Ya en el siglo XVI (1585-1592) el arquitecto Juan Marrón dirige la ampliación que cambia también la orientación de la iglesia quedando como resultado el actual templo renacentista de más de 3.000 metros cuadrados, de tres naves de la misma altura, siendo la central de doble anchura, con bóvedas de crucería estrellada. El crucero se cubre con una original cúpula con linterna de planta octogonal sobre pechinas. Del antiguo edificio se conservó el ábside románico con su típico remate exterior de arquillos ciegos y modillones en rollo con finas columnas adosadas; la Capilla del Patrocinio; la antigua torre y la Puerta del Perdón que debe su nombre al privilegio que tiene de acogida y perdón con solo tocar uno de sus clavos, el que está marcado con una cruz, y después santiguarse. Esta puerta se denominó anteriormente del Juicio Final, escena que se representa en el impresionante tímpano. Jesús sedente rodeado de cuatro ángeles arrodillados, la Virgen y San Juan. En el friso inferior los muertos salen de sus sarcófagos para el Juicio. Arriba los cuatro Evangelistas y en el centro un ángel muestra los Corporales.

En la actual puerta principal destaca la portada romanista formada por dobles columnas sobre plintos decorados con carteles coronados por un frontón. Culmina la portada con un relieve del siglo XIX que representa el momento en que el sacerdote darocense Mateo Martínez muestra los Corporales a los seis capitanes.


Interior del Templo
Impresionante resulta la primera vista general del interior por las dimensiones de sus naves y la esbeltez de sus columnas, el magnífico baldaquino de su altar mayor y sus bóvedas de crucería, propias del gótico decadente.

Si comenzamos nuestra visita por el lado este de la Básílica nos encontramos en primer lugar con el interior de la PUERTA del PERDÓN, obra del siglo XV, cuyo primitivo arco apuntado se aprecia sobre la puerta de madera de magnífica factura y bella cerrajería.
Seguidamente nos encontramos con la CAPILLA de SAN JOSÉ, coronada con el cuadro de armas de los Celaya, Marqueses de Montemuzo, mecenas de la misma en 1897. La muerte de San José es el motivo principal que se representa en el retablo central del siglo XVIII. En los laterales, distintos cuadros de época similar representan episodios de la  vida del Santo titular. A la derecha las bodas de la Virgen y de San José y a la izquierda Jesús entre los doctores. La cúpula es del siglo XIX. Esta capilla es también conocida por la del TRÁNSITO de la vida a la muerte de San José.

 

A continuación pasamos a la capilla barroca denominada del ECCE HOMO conocida también como del SANTO CRISTO, con su magnífico retablo churrigueresco de 1607 dedicado a la Crucifixión con las figuras de la Virgen y San Juan. En la parte superior la Resurrección y en los lados escenas de la Pasión de Nuestro Señor. En la cúpula barroca destacan sus esgrafiados ovalados, y en el pavimento siete laudas sepulcrales correspondientes a canónigos y Rectores de la Iglesia.

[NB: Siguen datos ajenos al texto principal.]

(* Let $k_0<0$, $0<L\leq\pi$, let $D\subset(0,L)$ be a set of full Lebesgue measure, and let $w:D\to\mathbb{R}$ satisfy: (i) $w$ is strictly decreasing on $D$: for $t_1,t_2\in D$ with $t_1<t_2$, $w(t_1)>w(t_2)$; (ii) for every $t_0\in D$, $\limsup_{D\ni t\to t_0^+}\frac{w(t)-w(t_0)}{t-t_0}\leq-1-(w(t_0))^2$; (iii) $w(t)\leq\frac{\sqrt{-k_0}\cosh(\sqrt{-k_0}t)}{\sinh(\sqrt{-k_0}t)}$ for $t\in D$ close to $0$. Then $w(t)\leq\cot t$ for every $t\in D$. *)

From HB Require Import structures.
From mathcomp Require Import all_boot all_order all_algebra.
From mathcomp Require Import all_classical all_reals all_analysis.
Set Implicit Arguments. Unset Strict Implicit. Unset Printing Implicit Defensive.
Import Order.TTheory GRing.Theory Num.Theory.
Import numFieldNormedType.Exports.
Local Open Scope classical_set_scope.
Local Open Scope ring_scope.

Definition coshR {R : realType} (x : R) : R := (expR x + expR (- x)) / 2.
Definition sinhR {R : realType} (x : R) : R := (expR x - expR (- x)) / 2.
Definition cotR {R : realType} (x : R) : R := cos x / sin x.

Definition right_upper_dini {R : realType} (D : set R) (w : R -> R) (t0 : R)
  : \bar R :=
  limf_esup (fun t : R => ((w t - w t0) / (t - t0))%:E) (within D t0^'+).

(** The function [t |-> atan (w t) + t] is nonincreasing on [D]: hypothesis
  (ii) makes [atan \o w] decrease at rate almost [1] to the right of every
  point of [D], and [w] is monotone across the null gaps of [D], which can be
  covered by an open set of arbitrarily small measure; a supremum argument
  spends that measure as slack.  Letting [s -> 0+] in
  [atan (w t) + t <= atan (w s) + s < pi/2 + s] gives [atan (w t) <= pi/2 - t],
  i.e. [w t <= tan (pi/2 - t) = cot t]. *)

From HB Require Import structures.
From mathcomp Require Import all_boot all_order all_algebra.
From mathcomp Require Import all_classical all_reals all_analysis.
From mathcomp Require Import ring lra.
Set Implicit Arguments. Unset Strict Implicit. Unset Printing Implicit Defensive.
Import Order.TTheory GRing.Theory Num.Theory.
Import numFieldNormedType.Exports.
Local Open Scope classical_set_scope.
Local Open Scope ring_scope.

Lemma right_upper_dini_lt {R : realType} (D : set R) (w : R -> R) t0 (M : R) :
  (right_upper_dini D w t0 < M%:E)%E ->
  exists2 r : R, 0 < r & forall t, D t -> t0 < t -> t < t0 + r ->
     (w t - w t0) / (t - t0) < M.
Proof.
rewrite /right_upper_dini limf_esupE => /ereal_inf_lt[_ [V VF <-] VM].
move: VF; rewrite /within /= nearE => /nbhs_ballP[e e0 He].
exists e => // t Dt t0t tt0.
have Vt : V t.
  apply: (He t) => //.
  by rewrite /ball /= ltr0_norm ?subr_lt0 // opprB ltrBlDl.
rewrite -lte_fin; apply: le_lt_trans VM.
by apply: ereal_sup_ubound; exists t.
Qed.

Lemma atan_difference_quotient {R : realType} (y c : R) : 0 < c ->
  exists2 r : R, 0 < r & forall h, h != 0 -> `|h| < r ->
    `|(1 + y ^+ 2)^-1 - h^-1 * (atan (y + h) - atan y)| < c.
Proof.
move=> c0.
have /cvg_ex[l Hl] := @ex_derive _ _ _ _ _ _ _ (is_derive1_atan y).
have -> : (1 + y ^+ 2)^-1 = l.
  by rewrite -(@derive_val _ _ _ _ _ _ _ (is_derive1_atan y)) /derive (cvg_lim _ Hl).
move: Hl => /cvgrPdist_lt /(_ c c0).
rewrite /dnbhs /within /= nearE => /nbhs_ballP[r r0 Hr].
exists r => // h h0 hr.
have := Hr h; rewrite /ball /= sub0r normrN => /(_ hr h0).
by rewrite /= -[h%:A]/(h * 1) mulr1 (addrC h y).
Qed.

(* A drop of [x] below [y] at rate [(1 - e/2) (1 + y^2)] costs [atan] at rate
   at least [1 - e], since [atan' y = 1 / (1 + y^2)]. *)
Lemma atan_sub_le {R : realType} (y e : R) : 0 < e -> e < 1 ->
  exists2 r : R, 0 < r & forall s x, 0 < s -> s < r ->
    x <= y - (1 - e / 2) * (1 + y ^+ 2) * s -> atan x - atan y <= - (1 - e) * s.
Proof.
move=> e0 e1.
set d := (1 + y ^+ 2)^-1.
have y2 : 0 < 1 + y ^+ 2 by rewrite ltr_pwDl // sqr_ge0.
have d0 : 0 < d by rewrite invr_gt0.
have Pd : (1 + y ^+ 2) * d = 1 by rewrite mulfV // gt_eqF.
have c0 : 0 < d * e / 2 by rewrite divr_gt0 // mulr_gt0.
have [r r0 Hr] := atan_difference_quotient y c0.
set P := (1 - e / 2) * (1 + y ^+ 2).
have P0 : 0 < P by rewrite mulr_gt0 //; lra.
exists (r / P); first by rewrite divr_gt0.
move=> s x s0 sr xle.
set h := - (P * s).
have h0 : h < 0 by rewrite oppr_lt0 mulr_gt0.
have hr : `|h| < r by rewrite ltr0_norm // opprK -ltr_pdivlMl // mulrC.
have := Hr h (ltr0_neq0 h0) hr; rewrite -/d ltr_distlC => /andP[q1 _].
set q := h^-1 * _ in q1.
have E : atan (y + h) - atan y = h * q by rewrite /q mulVKf // ltr0_neq0.
have ax : atan x <= atan (y + h) by apply: le_atan; rewrite /h.
have E2 : h * (d - d * e / 2) = - ((1 - e / 2) ^+ 2) * s.
  rewrite /h /P; transitivity (- ((1 - e / 2) ^+ 2 * ((1 + y ^+ 2) * d) * s)).
    by ring.
  by rewrite Pd mulr1 mulNr.
have hq : h * q <= h * (d - d * e / 2) by nra.
nra.
Qed.

Lemma atan_right_slope {R : realType} (D : set R) (w : R -> R) t0 (e : R) :
  (right_upper_dini D w t0 <= (- 1 - w t0 ^+ 2)%:E)%E -> 0 < e -> e < 1 ->
  exists2 r : R, 0 < r & forall t, D t -> t0 < t -> t < t0 + r ->
    atan (w t) - atan (w t0) <= - (1 - e) * (t - t0).
Proof.
move=> hdini e0 e1.
set M := - (1 - e / 2) * (1 + w t0 ^+ 2).
have y2 : 0 < 1 + w t0 ^+ 2 by rewrite ltr_pwDl // sqr_ge0.
have hM : (right_upper_dini D w t0 < M%:E)%E.
  by apply: le_lt_trans hdini _; rewrite lte_fin /M; nra.
have [r1 r10 H1] := right_upper_dini_lt hM.
have [r2 r20 H2] := atan_sub_le (w t0) e0 e1.
exists (Order.min r1 r2); first by rewrite lt_min r10 r20.
move=> t Dt t0t; rewrite -ltrBlDl lt_min !ltrBlDl => /andP[tr1 tr2].
have st : 0 < t - t0 by rewrite subr_gt0.
have := H1 t Dt t0t tr1; rewrite ltr_pdivrMr // /M => h1.
by apply: H2 => //; lra.
Qed.

Lemma negligible_compl_dense {R : realType} (L : R) (D : set R) :
  (@lebesgue_measure R).-negligible (`]0, L[ `\` D) ->
  forall x y, 0 <= x -> x < y -> y <= L -> exists z, [/\ D z, x < z & z < y].
Proof.
move=> [A [mA A0 NA]] x y x0 xy yL.
apply: contrapT => Hn.
have sub : `]x, y[ `<=` A.
  move=> z /=; rewrite in_itv /= => /andP[xz zy]; apply: NA; split.
    by rewrite /= in_itv /= (le_lt_trans x0 xz) (lt_le_trans zy yL).
  by move=> Dz; apply: Hn; exists z.
have : (lebesgue_measure (`]x, y[ : set R) <= lebesgue_measure A)%E.
  by rewrite le_measure // inE //; exact: measurable_itv.
rewrite A0 lebesgue_measure_itv /= lte_fin xy -EFinD lee_fin subr_le0.
by rewrite leNgt xy.
Qed.

Lemma negligible_open_cover {R : realType} (N : set R) (eps : R) :
  (@lebesgue_measure R).-negligible N -> 0 < eps ->
  exists U : set R, [/\ open U, N `<=` U & (lebesgue_measure U < eps%:E)%E].
Proof.
move=> [A [mA A0 NA]] e0.
have [|U [oU AU UAe]] := lebesgue_regularity_outer mA _ e0.
  by move: A0 => /= ->; rewrite ltry.
exists U; split => //; first exact: subset_trans AU.
have mU : measurable U by exact: measurable_realfun.open_measurable.
rewrite (@measureDI _ _ _ (@lebesgue_measure R) U A mU mA).
apply: le_lt_trans UAe; rewrite -[leRHS]adde0 leeD2l //.
by rewrite -A0 le_measure ?inE //; exact: measurableI.
Qed.

Section measure_upto.
Context {R : realType} (U : set R) (del : R).
Hypothesis oU : open U.
Hypothesis muU : (lebesgue_measure U < del%:E)%E.

Let mU : measurable U := measurable_realfun.open_measurable oU.

Definition measure_upto (t : R) : R :=
  fine (lebesgue_measure (U `&` `]-oo, t])).

Let measure_itv_le (i : interval R) :
  (lebesgue_measure (U `&` [set` i]) <= lebesgue_measure U)%E.
Proof.
by rewrite le_measure ?inE //; apply: measurableI => //; exact: measurable_itv.
Qed.

Let measure_itv_fin (i : interval R) :
  lebesgue_measure (U `&` [set` i]) \is a fin_num.
Proof.
rewrite ge0_fin_numE ?measure_ge0 //.
exact: le_lt_trans (measure_itv_le i) (lt_le_trans muU (leey _)).
Qed.

Lemma measure_upto_ge0 t : 0 <= measure_upto t.
Proof. by rewrite /measure_upto fine_ge0 // measure_ge0. Qed.

Lemma measure_upto_le t : measure_upto t <= del.
Proof.
rewrite /measure_upto -lee_fin fineK //.
exact/ltW/(le_lt_trans (measure_itv_le _) muU).
Qed.

Lemma measure_upto_split s t : s <= t ->
  measure_upto t = measure_upto s + fine (lebesgue_measure (U `&` `]s, t])).
Proof.
move=> st.
have E : U `&` `]-oo, t] = (U `&` `]-oo, s]) `|` (U `&` `]s, t]).
  rewrite -setIUr; congr (U `&` _).
  apply/seteqP; split => x /=; rewrite !in_itv /=.
    by move=> xt; case: (leP x s) => xs; [left|right; rewrite xt].
  by case=> [xs|/andP[_ ->]] //; exact: le_trans xs st.
rewrite /measure_upto E measureU //.
- by rewrite fineD //; [exact: (measure_itv_fin `]-oo, s]) |
                        exact: (measure_itv_fin `]s, t])].
- by apply: measurableI => //; exact: measurable_itv.
- by apply: measurableI => //; exact: measurable_itv.
- apply/seteqP; split => x //= [[_ +] [_]]; rewrite !in_itv /=.
  by move=> xs /andP[sx _]; move: (lt_le_trans sx xs); rewrite ltxx.
Qed.

Lemma measure_upto_le_mono s t : s <= t -> measure_upto s <= measure_upto t.
Proof.
by move=> st; rewrite (measure_upto_split st) lerDl fine_ge0 // measure_ge0.
Qed.

Lemma measure_upto_itv s t : s <= t -> `]s, t] `<=` U ->
  measure_upto t = measure_upto s + (t - s).
Proof.
move=> st sU; rewrite (measure_upto_split st) setIidr // lebesgue_measure_itv /=.
case: ltP => [_|ts]; first by rewrite -EFinD.
have -> : t = s by apply/eqP; rewrite eq_le st andbT -lee_fin.
by rewrite subrr.
Qed.

End measure_upto.

(* Real induction over the supremum of [[set t | g t <= g a]]: [g] cannot jump
   up from the left on [D], it does not increase just to the right of a point
   of [D], nor across an interval lying inside [U]. *)
Lemma sup_induction {R : realType} (D U : set R) (g : R -> R) (a b : R) :
  open U -> a < b -> D a -> D b ->
  (forall x y, a <= x -> x < y -> y <= b -> exists z, [/\ D z, x < z & z < y]) ->
  (forall c, a <= c -> c <= b -> ~ D c -> U c) ->
  (forall s t, D s -> D t -> s <= t -> g t <= g s + (t - s)) ->
  (forall c, D c -> exists2 r : R, 0 < r &
     forall t, D t -> c < t -> t < c + r -> g t <= g c) ->
  (forall s t, D s -> D t -> s < t -> `]s, t] `<=` U -> g t <= g s) ->
  g b <= g a.
Proof.
move=> oU ab Da Db dense cover gleft gright gU.
pose S := [set t | [/\ D t, a <= t, t <= b & g t <= g a]].
have hS : has_sup S by split; [exists a; split => //; exact: ltW | exists b => t []].
set c := sup S.
have ubS := sup_upper_bound hS.
have ac : a <= c by apply: ubS; split => //; exact: ltW.
have cb : c <= b by apply: ge_sup; [exists a; split => //; exact: ltW | move=> t []].
have notS t : S t -> c < t -> False by move=> /ubS; rewrite leNgt => /negP.
have near_right r : 0 < r -> c < b ->
    exists t, [/\ D t, c < t, t < c + r & t <= b].
  move=> r0 cb'.
  have cm : c < Order.min (c + r) b by rewrite lt_min cb' ltrDl r0.
  have mb : Order.min (c + r) b <= b by rewrite ge_min lexx orbT.
  have [t [Dt ct]] := dense c _ ac cm mb.
  by rewrite lt_min => /andP[tcr tb]; exists t; split => //; exact: ltW.
have inS t : D t -> c < t -> t <= b -> g t <= g a -> S t.
  by move=> Dt ct tb gt; split => //; exact: le_trans ac (ltW ct).
have [Dc|nDc] := pselect (D c).
  have gc : g c <= g a.
    apply/ler_addgt0Pr => eta eta0.
    have [s Ss cs] := sup_adherent eta0 hS; rewrite -/c in cs.
    have [Ds _ _ gs] := Ss.
    by have := gleft s c Ds Dc (ubS s Ss); lra.
  have [cbE|cbN] := eqVneq c b; first by rewrite -cbE.
  have [r r0 Hr] := gright c Dc.
  have cb' : c < b by rewrite lt_neqAle cbN cb.
  have [t [Dt ct tcr tb]] := near_right r r0 cb'.
  exfalso; apply: (notS t _ ct); apply: inS => //.
  exact: le_trans (Hr t Dt ct tcr) gc.
exfalso.
have /(_ _)/nbhs_ballP[|r r0 Hr] := oU c; first exact: cover.
have [s Ss cs] := sup_adherent r0 hS; rewrite -/c in cs.
have [Ds _ _ gs] := Ss.
have sc : s < c.
  rewrite lt_neqAle (ubS s Ss) andbT.
  by apply/eqP => scE; apply: nDc; rewrite -scE.
have cb' : c < b by rewrite lt_neqAle cb andbT; apply/eqP => cbE; apply: nDc; rewrite cbE.
have [t [Dt ct tcr tb]] := near_right r r0 cb'.
have sU : `]s, t] `<=` U.
  move=> x /=; rewrite in_itv /= => /andP[sx xt]; apply: Hr.
  by rewrite /ball /= /ball_ /= ltr_norml; apply/andP; split; lra.
apply: (notS t _ ct); apply: inS => //.
exact: le_trans (gU s t Ds Dt (lt_trans sc ct) sU) gs.
Qed.

Section slope_bound.
Context {R : realType} (L : R) (D : set R) (f : R -> R).
Hypothesis DL : D `<=` `]0, L[.
Hypothesis negl : (@lebesgue_measure R).-negligible (`]0, L[ `\` D).
Hypothesis fmono : forall s t, D s -> D t -> s < t -> f t <= f s.
Hypothesis fslope : forall t0 e : R, D t0 -> 0 < e -> e < 1 ->
  exists2 r : R, 0 < r &
    forall t, D t -> t0 < t -> t < t0 + r -> f t - f t0 <= - (1 - e) * (t - t0).

(* The excess of [f + (1 - e) id] is absorbed by the measure of an open cover
   [U] of the gaps of [D]: [g] below is nonincreasing by [sup_induction]. *)
Lemma slope_bound_up_to a b e del : D a -> D b -> a < b ->
  0 < e -> e < 1 -> 0 < del -> f b + b <= f a + a + e * (b - a) + del.
Proof.
move=> Da Db ab e0 e1 del0.
have [U [oU NU muU]] := negligible_open_cover negl del0.
have m0 := measure_upto_ge0 U.
have mle := measure_upto_le oU muU.
have mmono := measure_upto_le_mono oU muU.
pose g t := f t + (1 - e) * t - measure_upto U t.
suff : g b <= g a by rewrite /g; have := m0 a; have := mle b; lra.
have [a0 aL] : 0 < a /\ a < L by move: (DL Da); rewrite /= in_itv /= => /andP.
have [b0 bL] : 0 < b /\ b < L by move: (DL Db); rewrite /= in_itv /= => /andP.
apply: (sup_induction oU ab Da Db).
- move=> x y ax xy yb; apply: (negligible_compl_dense negl) => //.
    exact: le_trans (ltW a0) ax.
  exact: le_trans yb (ltW bL).
- move=> c ac cb nDc; apply: NU; split => //=.
  by rewrite in_itv /= (lt_le_trans a0 ac) (le_lt_trans cb bL).
- move=> s t Ds Dt; rewrite le_eqVlt => /predU1P[->|st]; first lra.
  by have := fmono Ds Dt st; have := mmono s t (ltW st); rewrite /g; nra.
- move=> c Dc; have [r r0 Hr] := fslope Dc e0 e1.
  exists r => // t Dt ct tcr.
  by have := Hr t Dt ct tcr; have := mmono c t (ltW ct); rewrite /g; nra.
- move=> s t Ds Dt st sU.
  have mt := measure_upto_itv oU muU (ltW st) sU.
  by have := fmono Ds Dt st; rewrite /g mt; nra.
Qed.

Lemma add_id_nonincreasing s t : D s -> D t -> s < t -> f t + t <= f s + s.
Proof.
move=> Ds Dt st; apply/ler_addgt0Pr => eta eta0.
have c0 : 0 < 2 * (t - s + eta) by lra.
set e := eta / (2 * (t - s + eta)).
have eE : e * (2 * (t - s + eta)) = eta by rewrite /e divfK // gt_eqF.
have e0 : 0 < e by rewrite divr_gt0.
have e1 : e < 1 by nra.
have eta2 : 0 < eta / 2 by lra.
by have := slope_bound_up_to Ds Dt st e0 e1 eta2; nra.
Qed.

End slope_bound.

Lemma cotR_tan {R : realType} (t : R) : cotR t = tan (pi / 2 - t).
Proof.
by rewrite /cotR /tan (addrC (pi / 2)) sinDpihalf cosDpihalf cosN sinN opprK.
Qed.

Theorem mainTheorem12 (R : realType) (k0 L : R) (D : set R) (w : R -> R)
  (hk0 : k0 < 0) (hL0 : 0 < L) (hLpi : L <= pi)
  (hDsub : D `<=` `]0, L[)
  (hDfull : (@lebesgue_measure R).-negligible (`]0, L[ `\` D))
  (hdecr : forall t1 t2, D t1 -> D t2 -> t1 < t2 -> w t2 < w t1)
  (hdini : forall t0, D t0 ->
     (right_upper_dini D w t0 <= (- 1 - w t0 ^+ 2)%:E)%E)
  (hnear0 : exists2 delta : R, 0 < delta &
     forall t, D t -> t < delta ->
       w t <= Num.sqrt (- k0) * coshR (Num.sqrt (- k0) * t)
                / sinhR (Num.sqrt (- k0) * t)) :
  forall t, D t -> w t <= cotR t.
Proof.
move=> t Dt.
have nonincr s : D s -> s < t -> atan (w t) + t <= atan (w s) + s.
  move=> Ds st; apply: (add_id_nonincreasing (f := atan \o w) hDsub hDfull _ _ Ds Dt st).
    by move=> s' t' Ds' Dt' st'; exact/le_atan/ltW/hdecr.
  by move=> t0 e Dt0; exact: atan_right_slope (hdini t0 Dt0).
have [t0 tL] : 0 < t /\ t < L by move: (hDsub t Dt); rewrite /= in_itv /= => /andP.
have atan_le : atan (w t) <= pi / 2 - t.
  rewrite lerBrDr; apply/ler_addgt0Pr => eta eta0.
  have m0 : 0 < Order.min t eta by rewrite lt_min t0 eta0.
  have mL : Order.min t eta <= L by rewrite ge_min (ltW tL).
  have [s [Ds _]] := negligible_compl_dense hDfull (lexx 0) m0 mL.
  rewrite lt_min => /andP[st se].
  by have := nonincr s Ds st; have := atan_ltpi2 (w s); lra.
have tI : pi / 2 - t \in `](- (pi / 2)), (pi / 2)[.
  by rewrite in_itv /=; apply/andP; split; lra.
rewrite cotR_tan leNgt; apply/negP => /lt_atan; rewrite tanK //; lra.
Qed.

La siguiente es la capilla de NUESTRA SEÑORA de los DOLORES conocida también por LA DOLOROSA en la que apreciamos un retablo del siglo XVII presidido por la imagen de su titular. Más abajo, una urna de cristal con un magnífico Cristo Yacente que cada Viernes Santo recorre las calles de Daroca en la Procesión del Santo Entierro en el paso conocido como La Cama.  La cúpula es también barroca.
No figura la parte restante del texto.